Find the number of positive integers that satisfy both the following conditions:
* Each digit is a $1$ or a $2$ or a $3$
* The sum of the digits is $12$
To solve this problem, we will use casework. We start with the number of 1's. Suppose there are $n$ 1's in the number. Then there must be $12-n$ 2's and no 3's. Since each digit is either 1, 2, or 3, there are $n$ digits in total. Thus, we want to find the number of positive integers where the sum of the digits is 12 and only includes the digits 1 and 2. If there are $n$ 1's, then there must be $12-n$ 2's.
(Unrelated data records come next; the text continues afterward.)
(* Let $\mathbb F\subseteq\mathbb D$ be finite and let $(h,i)\in\mathbb F$ be $\mathbb F$-admissible. Then $|\Phi_h^{(i)}(\mathbb F)|=|\mathbb F|+1$ and $\mathrm{lh}(\Phi_h^{(i)}(\mathbb F))=\mathrm{lh}(\mathbb F)$.
   Context: Dyadic intervals: $\Delta_k^{(j)}:=[\frac{j-1}{2^k},\frac{j}{2^k})$ for $k\ge0$. Dyadic tree $\mathbb D:=\{(k,j):k\ge1;\ j=1,\dots,2^{k-1}\}$. Branches: $\mathbb B(t):=\{(k,j)\in\mathbb D:t\in\Delta_{k-1}^{(j)}\}$ for $t\in[0,1)$; local height $\mathrm{lh}(\mathbb F):=\max_{t\in[0,1)}|\mathbb F\cap\mathbb B(t)|$. An index $(h,i)\in\mathbb F$ is $\mathbb F$-admissible if neither $(h+1,2i-1)$ nor $(h+1,2i)$ belongs to $\mathbb F$. The fork is $\mathbb F_h^{(i)}:=\{(h,i),(h+1,2i-1),(h+1,2i)\}$. For $(k,j)\in\mathbb D$ define $j^\ast$ by: $j^\ast=j+2^{k-h-2}$ if $\Delta_{k-1}^{(j)}\subseteq\Delta_{h+1}^{(4i-2)}$; $j^\ast=j-2^{k-h-2}$ if $\Delta_{k-1}^{(j)}\subseteq\Delta_{h+1}^{(4i-1)}$; $j^\ast=j$ otherwise (equivalently $\chi_k^{(j)}\circ\phi_h^{(i)}=\chi_k^{(j^\ast)}$ for $(k,j)\notin\mathbb F_h^{(i)}$, where $\phi_h^{(i)}$ is the map of $[0,1)$ interchanging $\Delta_{h+1}^{(4i-2)}$ and $\Delta_{h+1}^{(4i-1)}$ by translation and $\chi_k^{(j)}$ are the $L_2$-normalized Haar functions, $\chi_k^{(j)}=\pm2^{(k-1)/2}$ on $\Delta_k^{(2j-1)}$ resp. $\Delta_k^{(2j)}$). Then $\Phi_h^{(i)}(\mathbb F):=\{(h+1,2i-1),(h+1,2i)\}\cup\{(k,j^\ast):(k,j)\in\mathbb F\setminus\mathbb F_h^{(i)}\}$. *)

From HB Require Import structures.
From mathcomp Require Import all_boot all_order all_algebra.
From mathcomp Require Import finmap.
From mathcomp Require Import boolp classical_sets reals.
Since each digit is 1 or 2, we want to find the number of non-negative solutions to $n+(12-n)=12$. Simplifying, we get $2n=12$, so $n=6$. Therefore, there is $\boxed{1}$ possibility where there are 6 1's and 6 2's.
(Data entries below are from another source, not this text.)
(* Let $\mathcal C$ be a category, $n\ge1$, and let $f:A\to B$ be a degeneracy map in $Z^n(\mathcal C)$. Then $f$ factors, uniquely up to isomorphism, as a simple degeneracy map followed by a parallel degeneracy map.
   Context: Notation: for $n\ge 0$, $[n]$ denotes $\{0,\dots,n-1\}$; $\Delta_+$ is the category of these finite total orders and order-preserving maps. For monotone $\varphi:[n]\to[m]$ define $\hat\varphi:[m+1]\to[n+1]$ by $\hat\varphi(i)=\min(\{j\in[n]:\varphi(j)\ge i\}\cup\{n\})$. Zigzags: in a category $\mathcal C$, a zigzag $X$ of length $n$ is a diagram $X(r_0)\xrightarrow{x_0} X(s_0)\xleftarrow{x'_0} X(r_1)\to\cdots\xrightarrow{x_{n-1}} X(s_{n-1})\xleftarrow{x'_{n-1}} X(r_n)$. A zigzag map $f:X\to Y$ (lengths $n$, $m$) consists of a monotone $f_s:[n]\to[m]$, regular slices $f(r_i):X(r_{\hat{f_s}(i)})\to Y(r_i)$ for $0\le i\le m$ and singular slices $f(s_j):X(s_j)\to Y(s_{f_s(j)})$ for $0\le j<n$, such that for each $0\le i<m$: if $f_s^{-1}(i)\neq\emptyset$ with least element $p$, greatest $q$, then $f(s_p)\circ x_p=y_i\circ f(r_i)$, $f(s_q)\circ x'_q=y'_i\circ f(r_{i+1})$, $f(s_j)\circ x'_j=f(s_{j+1})\circ x_{j+1}$ for $p\le j<q$; if $f_s^{-1}(i)=\emptyset$ then $y_i\circ f(r_i)=y'_i\circ f(r_{i+1})$. Composition: $(g\circ f)_s=g_s\circ f_s$, $(g\circ f)(s_j)=g(s_{f_s(j)})\circ f(s_j)$, $(g\circ f)(r_i)=g(r_i)\circ f(r_{\hat{g_s}(i)})$. This gives a category $Z(\mathcal C)$; $Z^0(\mathcal C)=\mathcal C$, $Z^n(\mathcal C)=Z(Z^{n-1}(\mathcal C))$. $\pi:Z(\mathcal C)\to\Delta_+$ sends a zigzag of length $n$ to $[n]$ and $f$ to $f_s$; $f$ is $\pi$-vertical if $\pi(f)$ is an identity; $f:x\to y$ is $\pi$-cocartesian if for every $h:x\to y'$ and $u:\pi(y)\to\pi(y')$ with $u\circ\pi(f)=\pi(h)$ there is a unique $v:y\to y'$ with $v\circ f=h$, $\pi(v)=u$. Degeneracy maps in $Z^n(\mathcal C)$ (by induction on $n$): in $Z^0(\mathcal C)$ the isomorphisms; for $n\ge1$ the maps generated under composition by simple degeneracy maps (the $\pi$-cocartesian maps $f$ with $\pi(f)$ a monomorphism of $\Delta_+$) and parallel degeneracy maps (the $\pi$-vertical maps whose regular and singular slices are all degeneracy maps in $Z^{n-1}(\mathcal C)$). *)

From mathcomp Require Import all_boot.
Set Implicit Arguments.
Unset Strict Implicit.
Unset Printing Implicit Defensive.

Record Category := {
  cOb : Type;
  cHom : cOb -> cOb -> Type;
  cid : forall a, cHom a a;
  ccomp : forall a b c, cHom b c -> cHom a b -> cHom a c;
  ccompA : forall a b c d (h : cHom c d) (g : cHom b c) (f : cHom a b),
      ccomp h (ccomp g f) = ccomp (ccomp h g) f;
  ccomp1l : forall a b (f : cHom a b), ccomp (cid b) f = f;
  ccomp1r : forall a b (f : cHom a b), ccomp f (cid a) = f }.
Arguments ccomp {_ _ _ _} _ _.

(* "Category data with distinguished (valid) objects and morphisms".
   Z^n(C) is presented as such a structure: its genuine objects/morphisms
   are exactly those satisfying okOb/okHom. *)
Record CatD := {
  Ob : Type;
  Hom : Ob -> Ob -> Type;
  idm : forall a, Hom a a;
  comp : forall a b c, Hom b c -> Hom a b -> Hom a c;
  okOb : Ob -> Prop;
  okHom : forall a b, Hom a b -> Prop }.
Arguments Hom : clear implicits.
Arguments idm {_} _.
Arguments comp {_ _ _ _} _ _.
Arguments okOb {_} _.
Arguments okHom {_ _ _} _.

Definition catD (C : Category) : CatD :=
  {| Ob := cOb C; Hom := @cHom C; idm := @cid C; comp := @ccomp C;
     okOb := fun _ => True; okHom := fun _ _ _ => True |}.

(* packed arrows, used to compare morphisms whose (propositionally equal)
   endpoints are given by different index expressions *)
Definition pk (D : CatD) (a b : Ob D) (h : Hom D a b)
  : {ab : Ob D * Ob D & Hom D ab.1 ab.2} := existT _ (a, b) h.
Arguments pk {_ _ _} _.

Definition isIso (D : CatD) (a b : Ob D) (f : Hom D a b) : Prop :=
  okHom f /\ exists g : Hom D b a, okHom g /\ comp g f = idm a /\ comp f g = idm b.

(* Delta_+ : maps 'I_n -> 'I_m                                          *)
Definition monotone (n m : nat) (f : 'I_n -> 'I_m) : Prop :=
  forall a b : 'I_n, a <= b -> f a <= f b.

Definition hat (n m : nat) (f : 'I_n -> 'I_m) (i : 'I_m.+1) : 'I_n.+1 :=
  inord (\big[minn/n]_(j < n | i <= f j) (j : nat)).

Definition monoD (n m : nat) (f : 'I_n -> 'I_m) : Prop :=
  monotone f /\
  forall k (a b : 'I_k -> 'I_n), monotone a -> monotone b ->
    (forall t, f (a t) = f (b t)) -> forall t, a t = b t.

Definition rI (n : nat) (j : 'I_n) : 'I_n.+1 := widen_ord (leqnSn n) j.
Definition rS (n : nat) (j : 'I_n) : 'I_n.+1 := lift ord0 j.

(* Zigzags: X(r_0) -x_0-> X(s_0) <-x'_0- X(r_1) -> ... <- X(r_n)        *)
Record zz (D : CatD) := Zz {
  zlen : nat;
  zreg : 'I_zlen.+1 -> Ob D;
  zsing : 'I_zlen -> Ob D;
  zfwd : forall j : 'I_zlen, Hom D (zreg (rI j)) (zsing j);
  zbwd : forall j : 'I_zlen, Hom D (zreg (rS j)) (zsing j) }.
Arguments zlen {D} X : rename.
Arguments zreg {D} X i : rename.
Arguments zsing {D} X j : rename.
Arguments zfwd {D} X j : rename.
Arguments zbwd {D} X j : rename.

(* Zigzag (pre)maps.  zr is the index map of the regular slices, required
   by okZm to be hat zs. *)
Record zmap (D : CatD) (X Y : zz D) := Zm {
  zs : 'I_(zlen X) -> 'I_(zlen Y);
  zr : 'I_(zlen Y).+1 -> 'I_(zlen X).+1;
  zrs : forall i : 'I_(zlen Y).+1, Hom D (zreg X (zr i)) (zreg Y i);
  zss : forall j : 'I_(zlen X), Hom D (zsing X j) (zsing Y (zs j)) }.
Arguments zs {D X Y} f j : rename.
Arguments zr {D X Y} f i : rename.
Arguments zrs {D X Y} f i : rename.
Arguments zss {D X Y} f j : rename.

Definition okZz (D : CatD) (X : zz D) : Prop :=
  (forall i, okOb (zreg X i)) /\ (forall j, okOb (zsing X j)) /\
  (forall j, okHom (zfwd X j)) /\ (forall j, okHom (zbwd X j)).

Definition okZm (D : CatD) (X Y : zz D) (f : zmap X Y) : Prop :=
  monotone (zs f) /\
  (forall i, zr f i = hat (zs f) i) /\
  (forall i, okHom (zrs f i)) /\ (forall j, okHom (zss f j)) /\
  (forall i : 'I_(zlen Y),
     (forall p q : 'I_(zlen X), zs f p = i -> zs f q = i ->
        (forall j, zs f j = i -> p <= j <= q) ->
        pk (comp (zss f p) (zfwd X p)) = pk (comp (zfwd Y i) (zrs f (rI i))) /\
        pk (comp (zss f q) (zbwd X q)) = pk (comp (zbwd Y i) (zrs f (rS i))) /\
        (forall j j' : 'I_(zlen X), p <= j -> j < q -> (j' : nat) = j.+1 ->
           pk (comp (zss f j) (zbwd X j)) = pk (comp (zss f j') (zfwd X j')))) /\
     ((forall j, zs f j <> i) ->
        pk (comp (zfwd Y i) (zrs f (rI i))) = pk (comp (zbwd Y i) (zrs f (rS i))))).

Definition zid (D : CatD) (X : zz D) : zmap X X :=
  @Zm D X X (fun j => j) (fun i => i) (fun i => idm _) (fun j => idm _).

Definition zcomp (D : CatD) (X Y W : zz D) (g : zmap Y W) (f : zmap X Y) : zmap X W :=
  @Zm D X W (fun j => zs g (zs f j)) (fun i => zr f (zr g i))
     (fun i => comp (zrs g i) (zrs f (zr g i)))
     (fun j => comp (zss g (zs f j)) (zss f j)).

Definition Z (D : CatD) : CatD :=
  {| Ob := zz D; Hom := @zmap D; idm := @zid D; comp := @zcomp D;
     okOb := @okZz D; okHom := @okZm D |}.

Fixpoint iterZ (n : nat) (D : CatD) : CatD :=
  match n with 0 => D | k.+1 => Z (iterZ k D) end.

Definition vertical (D : CatD) (X Y : zz D) (f : zmap X Y) : Prop :=
  zlen X = zlen Y /\ forall j, (zs f j : nat) = j.

Definition cocartesian (D : CatD) (X Y : zz D) (f : zmap X Y) : Prop :=
  forall (Y' : zz D) (h : zmap X Y'), okZz Y' -> okZm h ->
  forall u : 'I_(zlen Y) -> 'I_(zlen Y'), monotone u ->
    (forall j, u (zs f j) = zs h j) ->
    (exists v : zmap Y Y', okZm v /\ zcomp v f = h /\ forall j, zs v j = u j) /\
    (forall v v' : zmap Y Y', okZm v -> okZm v' ->
       zcomp v f = h -> zcomp v' f = h ->
       (forall j, zs v j = u j) -> (forall j, zs v' j = u j) -> v = v').

Definition simpleDeg (D : CatD) (X Y : zz D) (f : zmap X Y) : Prop :=
  okZm f /\ cocartesian f /\ monoD (zs f).

Definition parallelDeg (D : CatD) (P : forall a b : Ob D, Hom D a b -> Prop)
    (X Y : zz D) (f : zmap X Y) : Prop :=
  okZm f /\ vertical f /\ (forall i, P _ _ (zrs f i)) /\ (forall j, P _ _ (zss f j)).

Inductive genComp (D : CatD) (P : forall a b : Ob D, Hom D a b -> Prop)
  : forall a b : Ob D, Hom D a b -> Prop :=
| gc_base a b (f : Hom D a b) : P a b f -> genComp P f
| gc_comp a b c (f : Hom D a b) (g : Hom D b c) :
    okOb b -> genComp P f -> genComp P g -> genComp P (comp g f).

Fixpoint degen (D : CatD) (n : nat)
  : forall a b : Ob (iterZ n D), Hom (iterZ n D) a b -> Prop :=
  match n as n0 return forall a b : Ob (iterZ n0 D), Hom (iterZ n0 D) a b -> Prop with
  | 0 => @isIso D
  | k.+1 => @genComp (Z (iterZ k D))
              (fun a b f => simpleDeg f \/ parallelDeg (@degen D k) f)
  end.

(* The compatibility conditions on a zigzag map [f : X -> Y] say precisely that all
   arrows [X(r_a) -> Y(s_i)] obtained by composing a slice of [f] with a structure
   map of [X] or [Y] agree; in this form they are visibly stable under composition.
   Every degeneracy map [f] is injective on singular indices, has degeneracy maps as
   slices, and at each singular index [i] missed by [f] the composite [y_i \o f(r_i)]
   is a degeneracy map; this property is stable under composition and holds for
   simple and parallel degeneracies.  For an injective monotone [phi], inserting
   identity zigzags into [A] at the indices missed by [phi] gives a pi-cocartesian
   map over [phi] out of [A]; a map [f] with the above property factors through it
   by a vertical map whose slices are degeneracy maps, the composites [y_i \o f(r_i)]
   filling the inserted slots.  Uniqueness follows from the universal property of
   cocartesian maps. *)

From mathcomp Require Import all_boot zify.
From Stdlib Require Import FunctionalExtensionality Eqdep IndefiniteDescription.
Set Implicit Arguments.
Unset Strict Implicit.
Unset Printing Implicit Defensive.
Note: We do not need to consider cases with 3's because a digit of 3 would make the sum of the digits greater than 12.
To find the number of positive integers that satisfy both conditions, we will use a method called generating functions.
Let's represent each digit as a term in a polynomial.
The polynomial $(x+x^2+x^3)$ represents the possible choices for each digit, where $x^1$ represents $1$, $x^2$ represents $2$, and $x^3$ represents $3$.
To represent the sum of the digits as $12$, we can multiply the polynomial $(x+x^2+x^3)$ by itself 12 times, since the sum of these terms will give us all combinations of digits adding up to $12$.
Therefore, the generating function for the sum of digits being $12$ is:
\[(x+x^2+x^3)^{12}\]
Now, we need to find the coefficient of $x^{12}$ in this expanded expression. The coefficient will give us the number of positive integers that satisfy both conditions.
To find the coefficient, we can use the binomial theorem or a combinatorial approach.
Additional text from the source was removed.